**THE PROBLEM**.
Provide only the number of lines in the records where "congruence" appears.

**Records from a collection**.
================

(* The centralizer of a vertex [w = g u g^-1] of the reduced extension graph
   is [g (<u> x F(lk u)) g^-1]: a word commuting with [u] can be rewritten with
   letters in the star of [u] only, and in a tree the link [lk u] is an
   independent set, so it generates a free factor.  Words are compared through
   normal forms: reduced words that are equal in G(Delta) are trace
   equivalent, i.e. have the same projections onto all pairs of non-adjacent
   vertices.
   An element [x] of Z(C_K(w)) commutes with [w] and, K having finite index,
   with some positive powers [g a_i^n_i g^-1] for two distinct neighbours
   [a_1, a_2] of [u].  Modulo [<w>], [x] lies in the free group on [lk u] and
   commutes with powers of two distinct free generators, hence is trivial.
   Conversely powers of [w] are central in C_K(w).  Finally, C_G(w) meets
   finitely many cosets of K, and one representative in C_G(w) per coset gives
   the finitely many cosets of C_K(w)<w>. *)

Lemma flatten_nseq1 (T : Type) (x : T) n : flatten (nseq n [:: x]) = nseq n x.
Proof. by elim: n => //= n ->. Qed.

Section WordGroup.
Variables (V : finType) (e : rel V).
Local Notation req := (raag_eq e).
Local Notation inv := (@inv_letter V).

Lemma inv_letterK : involutive inv.
Proof. by case=> a b; rewrite /inv_letter /= negbK. Qed.

Lemma winv_cat (x y : word V) : winv (x ++ y) = winv y ++ winv x.
Proof. by rewrite /winv map_cat rev_cat. Qed.

Lemma winv_cons l (x : word V) : winv (l :: x) = winv x ++ [:: inv l].
Proof. by rewrite /winv /= rev_cons cats1. Qed.

Lemma winvK : involutive (@winv V).
Proof.
by move=> x; rewrite /winv map_rev revK -map_comp (eq_map inv_letterK) map_id.
Qed.

Lemma req_catl a x y : req x y -> req (a ++ x) (a ++ y).
Proof.
elim=> {x y} [x|x y _|x y z _ H1 _|a0 b l|a0 b u v su sv H].
- exact: raag_refl.
- exact: raag_sym.
- exact: raag_trans.
- by rewrite catA (catA a a0 b); apply: raag_cancel.
- by rewrite !catA; apply: raag_comm.
Qed.
(* [word_prod a [l1; ...; ln]] is the left-associated product [a ⊗ l1 ⊗ ... ⊗ ln],
   which is convertible to the product written out; it lets one delete a repeated
   block of factors anywhere in a product in a single step. *)
Fixpoint word_prod (a : S) (l : list S) : S :=
  match l with nil => a | b :: l' => word_prod (a ⊗ b) l' end.

Lemma word_prod_app (a : S) (l1 l2 : list S) :
  word_prod a (l1 ++ l2) = word_prod (word_prod a l1) l2.
Proof. revert a; induction l1; simpl; auto. Qed.

Lemma word_prod_mul_l (c d : S) (l : list S) : word_prod (c ⊗ d) l = c ⊗ word_prod d l.
Proof.
  revert d; induction l as [|e l IH]; intro d; simpl; auto.
  rewrite <- mul_assoc. apply IH.
Qed.

Lemma word_prod_square (a : S) (p : list S) (u : S) (us q : list S) :
  word_prod a (p ++ u :: us ++ u :: us ++ q) = word_prod a (p ++ u :: us ++ q).
Proof.
  rewrite !word_prod_app. simpl. rewrite !word_prod_app. simpl. rewrite !word_prod_app.
  rewrite !word_prod_mul_l, <- mul_assoc, <- word_prod_mul_l, mul_idem.
  reflexivity.
Qed.

Lemma word_prod_square_head (u : S) (us q : list S) :
  word_prod u (us ++ u :: us ++ q) = word_prod u (us ++ q).
Proof.
  rewrite !word_prod_app. simpl. rewrite word_prod_app, word_prod_mul_l, mul_idem.
  reflexivity.
Qed.

Definition below (u v : S) : Prop := u ⊕ v = u /\ v ⊕ u = u.

Lemma below_antisym (u v : S) : below u v -> below v u -> u = v.
Proof. intros [_ h] [h' _]. rewrite <- h. exact h'. Qed.

Lemma below_mul_l (c u v : S) : below u v -> below (c ⊗ u) (c ⊗ v).
Proof. intros [h1 h2]; split; rewrite <- mul_add_distr_l; congruence. Qed.

Lemma below_mul_r (c u v : S) : below u v -> below (u ⊗ c) (v ⊗ c).
Proof. intros [h1 h2]; split; rewrite <- mul_add_distr_r; congruence. Qed.

Lemma eq_of_below_mul (u v : S) :
  below u v -> below v (u ⊗ v) -> below v (v ⊗ u) -> u ⊗ v ⊗ u = u -> u = v.
Proof.
  intros huv hv_uv hv_vu hu.
  assert (uv : u ⊗ v = v).
  { apply below_antisym; [|exact hv_uv].
    rewrite <- (mul_idem v) at 2. exact (below_mul_r v u v huv). }
  assert (vu : v ⊗ u = v).
  { apply below_antisym; [|exact hv_vu].
    rewrite <- (mul_idem v) at 2. exact (below_mul_l v u v huv). }
  rewrite <- hu, uv. exact vu.
Qed.

End IdempotentSemiring.

Definition greenR {S : alg22} (x y : S) : Prop := x ⊗ y = y /\ y ⊗ x = x.
Definition greenL {S : alg22} (x y : S) : Prop := x ⊗ y = x /\ y ⊗ x = y.
Definition greenD {S : alg22} (x y : S) : Prop := x ⊗ y ⊗ x = x /\ y ⊗ x ⊗ y = y.

Section VarietyD.
Variable S : alg22.
Hypothesis HV : in_VD S.
Let HS : idem_semiring S := proj1 HV.

Lemma in_VD_identity (x y : S) : x = x ⊗ y ⊗ x ⊕ x ⊕ x ⊗ y ⊗ x.
Proof. apply HV. Qed.

Lemma add_sandwich (x y : S) : x ⊕ x ⊗ y ⊗ x = x.
Proof.
  pose proof (in_VD_identity x y) as hx. set (a := x ⊗ y ⊗ x) in *.
  rewrite hx at 1. rewrite <- (add_assoc HS _ a a), (add_idem HS). symmetry; exact hx.
Qed.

================

**PROBLEM SOLUTION**.
2